DATA LISTING:

◆ ◆ ◆ ◆ ◆

(* Let $f_1,\dots,f_n$ be convex and differentiable with $\|\nabla f_i(x)-\nabla f_i(y)\|\le L\|x-y\|$, $f=\frac1n\sum_if_i$. Fix $x,\tilde x\in\mathbb{R}^d$, integers $N,B\ge1$, $b\ge2$ and $\lambda\in(0,1]$. For each worker $i=1,\dots,N$ draw $B$ indices independently and uniformly from $\{1,\dots,n\}$ (independently across workers), forming $I^i$, let $u^i=\frac1B\sum_{a\in I^i}[\nabla f_a(x)-\nabla f_a(\tilde x)]$, $\delta^i=\frac{\lambda\|u^i\|_\infty}{2^{b-1}-1}$, and $v=\frac1N\sum_{i=1}^NQ_{(\delta^i,b)}(u^i)+\nabla f(\tilde x)$ (quantization roundings independent given the indices). Let $d_\lambda\ge0$ be such that almost surely, for each $i$, the number of coordinates of $u^i$ outside $[-2^{b-1}\delta^i,(2^{b-1}-1)\delta^i]$ is at most $d_\lambda$. Let $\zeta=\frac{d\lambda^2}{4(2^{b-1}-1)^2}+d_\lambda(1-\lambda)^2+\frac{1}{NB}$. Then $$\mathbf{E}\|v-\nabla f(x)\|^2\le 4L\zeta\,\big[f(\tilde x)-f(x)-\langle\nabla f(x),\tilde x-x\rangle\big].$$ Moreover, if $J$ is a further multiset of $B$ indices drawn independently and uniformly from $\{1,\dots,n\}$, independently of everything else, and $\hat v=\frac1B\sum_{j\in J}[\nabla f_j(x)-\nabla f_j(\tilde x)]+\nabla f(\tilde x)$, then $$\mathbf{E}\|\hat v-v\|^2\le 4L\Big[\frac{1}{2B}+\frac{d\lambda^2}{4(2^{b-1}-1)^2}+d_\lambda(1-\lambda)^2+\frac{1}{NB}\Big]\big[f(\tilde x)-f(x)-\langle\nabla f(x),\tilde x-x\rangle\big].$$
   Context: Quantization: for an integer $b\ge2$ and $\delta>0$, $\mathrm{dom}(\delta,b)=\{k\delta:k\in\mathbb{Z},-2^{b-1}\le k\le 2^{b-1}-1\}$; the scalar quantizer $Q_{(\delta,b)}(y)$, for $y\in[-2^{b-1}\delta,(2^{b-1}-1)\delta]$ with $z$ the largest grid point $\le y$, equals $z$ with probability $\frac{z+\delta-y}{\delta}$ and $z+\delta$ otherwise; for $y$ outside this interval it equals the nearest grid point. On vectors it acts coordinatewise with independent randomness; if $\delta=0$ (only when the vector is $0$) the output is $0$. $\|\cdot\|_\infty$ is the max norm. *)

(* Stdlib (classical reals R). Vectors of R^d are functions nat -> R,
   of which only the coordinates 0..d-1 are used. *)
From Stdlib Require Import Reals List Arith.
Open Scope R_scope.

Fixpoint fsum (n : nat) (f : nat -> R) : R :=
  match n with O => 0 | S n' => fsum n' f + f n' end.

Definition vsub (u v : nat -> R) : nat -> R := fun k => u k - v k.
Definition inner (d : nat) (u v : nat -> R) : R := fsum d (fun k => u k * v k).
Definition norm (d : nat) (u : nat -> R) : R := sqrt (fsum d (fun k => u k ^ 2)).
Fixpoint ninf (d : nat) (u : nat -> R) : R :=
  match d with O => 0 | S d' => Rmax (ninf d' u) (Rabs (u d')) end.

Definition convex_on (f : (nat -> R) -> R) : Prop :=
  forall (x y : nat -> R) (t : R), 0 <= t <= 1 ->
    f (fun k => t * x k + (1 - t) * y k) <= t * f x + (1 - t) * f y.

Definition has_gradient (d : nat) (f : (nat -> R) -> R) (g : (nat -> R) -> (nat -> R)) : Prop :=
  forall x : nat -> R, forall eps : R, 0 < eps -> exists delta : R, 0 < delta /\
    forall y : nat -> R, norm d (vsub y x) < delta ->
      Rabs (f y - f x - inner d (g x) (vsub y x)) <= eps * norm d (vsub y x).

Definition upd {A : Type} (s : nat -> A) (j : nat) (a : A) : nat -> A :=
  fun k => if Nat.eqb k j then a else s k.

(* Expectation of F(omega_0,...,omega_{m-1}) where the omega_j are independent,
   omega_j distributed according to the finite distribution D j
   (a list of (outcome, probability) pairs). Unused slots are set to a0. *)
Fixpoint Eprod {A : Type} (a0 : A) (m : nat) (D : nat -> list (A * R))
    (F : (nat -> A) -> R) : R :=
  match m with
  | O => F (fun _ => a0)
  | S m' => Eprod a0 m' D (fun s =>
      fold_right Rplus 0 (map (fun aw => snd aw * F (upd s m' (fst aw))) (D m')))
  end.

(* uniform distribution on {0,...,n-1} (the indices of f_1..f_n, 0-based) *)
Definition Dunif (n : nat) : list (nat * R) := map (fun a => (a, / INR n)) (seq 0 n).

Definition qdist (delta : R) (b : nat) (y : R) : list (R * R) :=
  let M := 2 ^ (b - 1) in
  let lo := - M * delta in
  let hi := (M - 1) * delta in
  if Req_EM_T delta 0 then (0, 1) :: nil
  else if Rle_dec lo y then
    if Rle_dec y hi then
      let z := IZR (Int_part (y / delta)) * delta in
      (z, (z + delta - y) / delta) :: (z + delta, (y - z) / delta) :: nil
    else (hi, 1) :: nil
  else (lo, 1) :: nil.

Definition favg (n : nat) (f : nat -> (nat -> R) -> R) (x : nat -> R) : R :=
  / INR n * fsum n (fun i => f i x).
Definition gavg (n : nat) (g : nat -> (nat -> R) -> (nat -> R)) (x : nat -> R) : nat -> R :=
  fun k => / INR n * fsum n (fun i => g i x k).

(* u^i, where worker i's B indices are I (i*B), ..., I (i*B + B - 1) *)
Definition uvec (g : nat -> (nat -> R) -> (nat -> R)) (x xt : nat -> R)
    (B : nat) (I : nat -> nat) (i : nat) : nat -> R :=
  fun k => / INR B * fsum B (fun a => g (I (i * B + a)%nat) x k - g (I (i * B + a)%nat) xt k).

Definition qdelta (d : nat) (lam : R) (b : nat) (u : nat -> R) : R :=
  lam * ninf d u / (2 ^ (b - 1) - 1).

(* distribution of the rounding slot j = i*d + k (worker i, coordinate k) *)
Definition Dq (g : nat -> (nat -> R) -> (nat -> R)) (x xt : nat -> R)
    (d B b : nat) (lam : R) (I : nat -> nat) (j : nat) : list (R * R) :=
  let u := uvec g x xt B I (j / d) in
  qdist (qdelta d lam b u) b (u (j mod d)).

(* v = (1/N) sum_i Q(u^i) + grad f(xt), with r (i*d+k) the k-th coordinate of Q(u^i) *)
Definition vvec (n : nat) (g : nat -> (nat -> R) -> (nat -> R)) (xt : nat -> R)
    (d N : nat) (r : nat -> R) : nat -> R :=
  fun k => / INR N * fsum N (fun i => r (i * d + k)%nat) + gavg n g xt k.

Definition vhat (n : nat) (g : nat -> (nat -> R) -> (nat -> R)) (x xt : nat -> R)
    (B : nat) (J : nat -> nat) : nat -> R :=
  fun k => / INR B * fsum B (fun a => g (J a) x k - g (J a) xt k) + gavg n g xt k.

Definition count_out (d : nat) (lo hi : R) (u : nat -> R) : R :=
  fsum d (fun k => if Rle_dec lo (u k) then (if Rle_dec (u k) hi then 0 else 1) else 1).

(* Let [c_j = grad f_j(x) - grad f_j(xt)]. Each [u^i], and [vhat - grad f(xt)], is a
   sample mean of the [c_j] over uniform indices; the population mean of the [c_j] is
   [grad f(x) - grad f(xt)], and their second moment [(1/n) sum_j |c_j|^2] is at most [2L]
   times the Bregman gap, by cocoercivity of gradients of convex [L]-smooth functions.
   For [v], split [v - grad f(x)] into the averaged rounding errors [Q(u^i) - u^i] and the
   sampling error of a mean over all [NB] indices, paying a factor 2: given the indices, a
   coordinate inside the grid range has rounding variance at most [delta^2/4], each of the
   at most [d_lambda] clipped ones errs by at most [(1 - lambda) |u^i|_inf], and the
   sampling error has second moment at most [1/(NB)] of the population one.
   For [vhat - v]: [vhat] is an unbiased estimate of [grad f(x)] independent of [v], so
   the cross term vanishes and the two mean square errors add. *)

From Stdlib Require Import Reals List Lra Lia Psatz FunctionalExtensionality.
Open Scope R_scope.

Lemma fsum_ext n f g : (forall k, (k < n)%nat -> f k = g k) -> fsum n f = fsum n g.
Proof.
  induction n as [|n IH]; intros H; simpl; [reflexivity|].
  rewrite IH, H; [reflexivity|lia|intros; apply H; lia].
Qed.

Lemma fsum_add n f g : fsum n (fun k => f k + g k) = fsum n f + fsum n g.
Proof. induction n as [|n IH]; simpl; [lra|]. rewrite IH; lra. Qed.

Lemma fsum_sub n f g : fsum n (fun k => f k - g k) = fsum n f - fsum n g.
Proof. induction n as [|n IH]; simpl; [lra|]. rewrite IH; lra. Qed.

Lemma fsum_scal n c f : fsum n (fun k => c * f k) = c * fsum n f.
Proof. induction n as [|n IH]; simpl; [lra|]. rewrite IH; lra. Qed.

Lemma fsum_const n c : fsum n (fun _ => c) = INR n * c.
Proof. induction n as [|n IH]; simpl fsum; [simpl; lra|]. rewrite IH, S_INR; lra. Qed.

Lemma fsum_le n f g : (forall k, (k < n)%nat -> f k <= g k) -> fsum n f <= fsum n g.
Proof.
  induction n as [|n IH]; intros H; simpl; [lra|].
  apply Rplus_le_compat; [apply IH; intros; apply H|apply H]; lia.
Qed.

Lemma fsum_nonneg n f : (forall k, (k < n)%nat -> 0 <= f k) -> 0 <= fsum n f.
Proof. intros H. rewrite <- (Rmult_0_r (INR n)), <- fsum_const. now apply fsum_le. Qed.

Lemma fsum_swap n m (F : nat -> nat -> R) :
  fsum n (fun i => fsum m (fun k => F i k)) = fsum m (fun k => fsum n (fun i => F i k)).
Proof.
  induction n as [|n IH]; simpl.
  - rewrite fsum_const; ring.
  - rewrite IH, <- fsum_add; reflexivity.
Qed.

Lemma fsum_split p q F : fsum (p + q) F = fsum p F + fsum q (fun a => F (p + a)%nat).
Proof.
  induction q as [|q IH]; simpl; [rewrite Nat.add_0_r; lra|].
  rewrite Nat.add_succ_r; simpl; rewrite IH; lra.
Qed.

Lemma fsum_blocks N B F :
  fsum N (fun i => fsum B (fun a => F (i * B + a)%nat)) = fsum (N * B) F.
Proof.
  induction N as [|N IH]; simpl; [reflexivity|].
  rewrite IH, Nat.add_comm, fsum_split; reflexivity.
Qed.

Lemma fsum_mul n m a b :
  fsum n a * fsum m b = fsum n (fun j => fsum m (fun j' => a j * b j')).
Proof. induction n as [|n IH]; simpl; [lra|]. rewrite <- IH, fsum_scal; lra. Qed.

Lemma fsum_indicator m j V :
  (j < m)%nat -> fsum m (fun j' => if Nat.eqb j j' then V else 0) = V.
Proof.
  induction m as [|m IH]; intros Hj; [lia|]; simpl.
  destruct (Nat.eqb_spec j m) as [->|Hne].
  - rewrite (fsum_ext _ _ (fun _ => 0)), fsum_const; [lra|].
    intros k Hk; destruct (Nat.eqb_spec m k); [lia|reflexivity].
  - rewrite IH by lia; lra.
Qed.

◆ ◆ ◆ ◆ ◆

EXERCISE REQUIREMENTS: Write down, word for word, the lines above from the one containing "From Stdlib Require Import Reals List Lra" through the one containing "Lemma fsum_sub n", both ends included.

RESPONSE TO THE TASK:
From Stdlib Require Import Reals List Lra Lia Psatz FunctionalExtensionality.
Open Scope R_scope.

Lemma fsum_ext n f g : (forall k, (k < n)%nat -> f k = g k) -> fsum n f = fsum n g.
Proof.
  induction n as [|n IH]; intros H; simpl; [reflexivity|].
  rewrite IH, H; [reflexivity|lia|intros; apply H; lia].
Qed.

Lemma fsum_add n f g : fsum n (fun k => f k + g k) = fsum n f + fsum n g.
Proof. induction n as [|n IH]; simpl; [lra|]. rewrite IH; lra. Qed.

Lemma fsum_sub n f g : fsum n (fun k => f k - g k) = fsum n f - fsum n g.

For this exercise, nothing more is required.